The man reacted to Betty Winter. ‘I think I saw her here a few weeks ago, it could have been her. Usually it’s only Chinese people who shop here. Occasionally a curious German or two.’
‘You don’t have any regular German customers?’
‘You couldn’t call them regulars.’ The Chinese man shook his head. ‘Apart from this one old man, perhaps. Although he hasn’t been here for a long time.’
‘And he comes here often?’
‘To buy yangtao too, yes, but not just yangtao.’
‘Do you have a name?’
‘Alfred or Albert, something like that.’
‘How about an address?’
A shake of the head.
He gave the Chinese man his card. ‘Please let me know if he comes back. Promptly and without delay, that’s very important! Try, if you can, to get his name and address.’
‘I’m not a policeman. I can hardly interrogate my customers.’
‘Discreetly, of course. You could tell him you need to order the goods first, and ask for a delivery address. You’ll think of something.’

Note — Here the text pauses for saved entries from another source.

(* Let $1\le b<\frac{n}{2}-1$ and let $T$ be a tree attaining the maximum value of $M_2$ over $\mathcal{CT}^*_{n,b}$. Then $T$ has at least one vertex of degree $4$, and the subgraph of $T$ induced by the vertices of degree $4$ is a tree.
   Context: A chemical tree is a tree with maximum degree at most $4$. A branching vertex is a vertex of degree greater than $2$. $\mathcal{CT}^*_{n,b}$ is the class of all $n$-vertex chemical trees with exactly $b$ branching vertices. $M_2(G)=\sum_{uv\in E(G)}d_ud_v$, where $d_v$ is the degree of $v$. *)

From mathcomp Require Import all_boot.
Set Implicit Arguments. Unset Strict Implicit. Unset Printing Implicit Defensive.

Section Graphs.
Variable n : nat.

Definition simple_graph (e : rel 'I_n) : Prop :=
  symmetric e /\ irreflexive e.

Definition deg (e : rel 'I_n) (v : 'I_n) : nat := #|[set u | e v u]|.

Definition edges_in (e : rel 'I_n) (S : {set 'I_n}) : {set 'I_n * 'I_n} :=
  [set p : 'I_n * 'I_n | [&& p.1 < p.2, e p.1 p.2, p.1 \in S & p.2 \in S]].

Definition induced_tree (e : rel 'I_n) (S : {set 'I_n}) : Prop :=
  S != set0 /\
  (forall u v, u \in S -> v \in S ->
     connect (fun x y => [&& e x y, x \in S & y \in S]) u v) /\
  #|edges_in e S| = #|S| - 1.

Definition is_tree (e : rel 'I_n) : Prop :=
  simple_graph e /\ induced_tree e [set: 'I_n].

Definition chemical_tree (e : rel 'I_n) : Prop :=
  is_tree e /\ forall v, deg e v <= 4.

Definition nbranching (e : rel 'I_n) : nat := #|[set v | 2 < deg e v]|.

Definition in_CTstar (b : nat) (e : rel 'I_n) : Prop :=
  chemical_tree e /\ nbranching e = b.

Definition M2 (e : rel 'I_n) : nat :=
  \sum_(p in edges_in e [set: 'I_n]) deg e p.1 * deg e p.2.

End Graphs.

From mathcomp Require Import all_boot zify.
Set Implicit Arguments. Unset Strict Implicit. Unset Printing Implicit Defensive.

(* Let N_i be the number of vertices of degree i and m_ij the number of edges joining a
   vertex of degree i to one of degree j.  For a chemical tree, M2 and the handshake
   relations are linear in these counts, and the tree structure adds linear constraints:
   a vertex set S induces at most |S| - 1 edges, and at most |S| - 2 if the induced
   subgraph is disconnected, and no edge joins two leaves.  Linear arithmetic then shows
   that if N_4 = 0, or if the degree-4 vertices induce a disconnected subgraph, M2 is
   strictly smaller than for an explicit tree of CT*_{n,b}: b vertices of degree 4 carrying
   pendant paths when n >= 3b + 2, and otherwise n - 2b - 2 vertices of degree 4 and
   3b + 2 - n of degree 3 with no vertex of degree 2.  Hence at a maximum N_4 >= 1 and
   the degree-4 vertices induce a connected subgraph with exactly N_4 - 1 edges. *)

Lemma sum_nat_indicator_itv a b c d : a <= b ->
  \sum_(a <= i < b) ((c <= i) && (i < d)) = minn b d - maxn a c.
Proof.
elim: b => [|b IH] ab; first by rewrite big_geq //; lia.
have [ab_le|ba] := leqP a b; last by rewrite big_geq //; lia.
by rewrite big_nat_recr //= IH //; lia.
Qed.

Lemma sum_nat_indicator_ltn a b d : a <= b -> \sum_(a <= i < b) (i < d) = minn b d - a.
Proof. by move=> ab; rewrite -{2}[a]maxn0 -sum_nat_indicator_itv. Qed.

Lemma sum_delta_mul m x (F : nat -> nat) : x < m -> \sum_(i < m) (x == i) * F i = F x.
Proof.
move=> xm; rewrite (bigD1 (Ordinal xm)) //= eqxx mul1n big1 ?addn0 // => i ix.
by move: ix; rewrite -val_eqE /= eq_sym => /negbTE ->.
Qed.

Lemma card_set_sum_nat (T : finType) (P : pred T) : #|[set v | P v]| = \sum_(v : T) P v.
Proof. by rewrite -sum1dep_card big_mkcond; apply: eq_bigr => v _; case: (P v). Qed.

Section ParentTree.
Variables (n' : nat) (p : nat -> nat).
Local Notation n := n'.+1.
Hypothesis p_lt : forall i, 0 < i < n -> p i < i.

Definition parent_tree : rel 'I_n :=
  fun x y => (0 < x) && (val y == p x) || (0 < y) && (val x == p y).

Definition parent_deg (v : nat) := (0 < v) + \sum_(0 <= i < n) ((0 < i) && (p i == v)).

Lemma parent_ltn (i : 'I_n) : 0 < i -> p i < n.
Proof. by move=> i0; apply: ltn_trans (ltn_ord i); apply: p_lt; rewrite i0 /=. Qed.

Lemma parent_tree_sym : symmetric parent_tree.
Proof. by move=> x y; rewrite /parent_tree orbC. Qed.

Lemma parent_tree_irr : irreflexive parent_tree.
Proof.
move=> x; rewrite /parent_tree orbb; apply/negP => /andP [x0 /eqP px].
by have := p_lt (i := x); rewrite x0 ltn_ord -px ltnn => /(_ isT).
Qed.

Since he was already in Kantstrasse, Rath decided to pay Oppenberg a visit. He was in luck, the producer was at his desk and had already heard the news about Krempin. ‘Poor Felix,’ he said. ‘A rather unfriendly colleague of yours came by to tell me. Just dreadful, plunging to his death like that.’
Rath looked at him closely, but there was nothing in his demeanour to suggest that he was responsible for Krempin’s death. ‘I’m here about Vivian,’ he said. ‘The underworld lead has come to nothing, but we’re in the process of uncovering new links that could be significant. Do you know yangtao, the Chinese gooseberry?’
Oppenberg considered for a moment. ‘Could be. The name doesn’t mean anything, but I sometimes go to the Chinese along the road. Perhaps I ate it there. You never really know what’s on your plate.’
‘Then you can’t say whether Vivian Franck liked yangtao either?’
‘Vivian?’ Oppenberg laughed out loud. ‘On the contrary. I can tell you that she gave any food that looked Chinese, or at all Asian, a wide berth, and not just because of the chopsticks. I could never persuade her to come to Nanking with me.’
Rath thought about what Oppenberg had said as he made his way back to the car. Betty Winter and Jeanette Fastré adored yangtao, while Vivian Franck despised it. It didn’t look like a correlation now, just a strange coincidence. Or was the fact that Vivian Franck abhorred Chinese food some kind of explanation?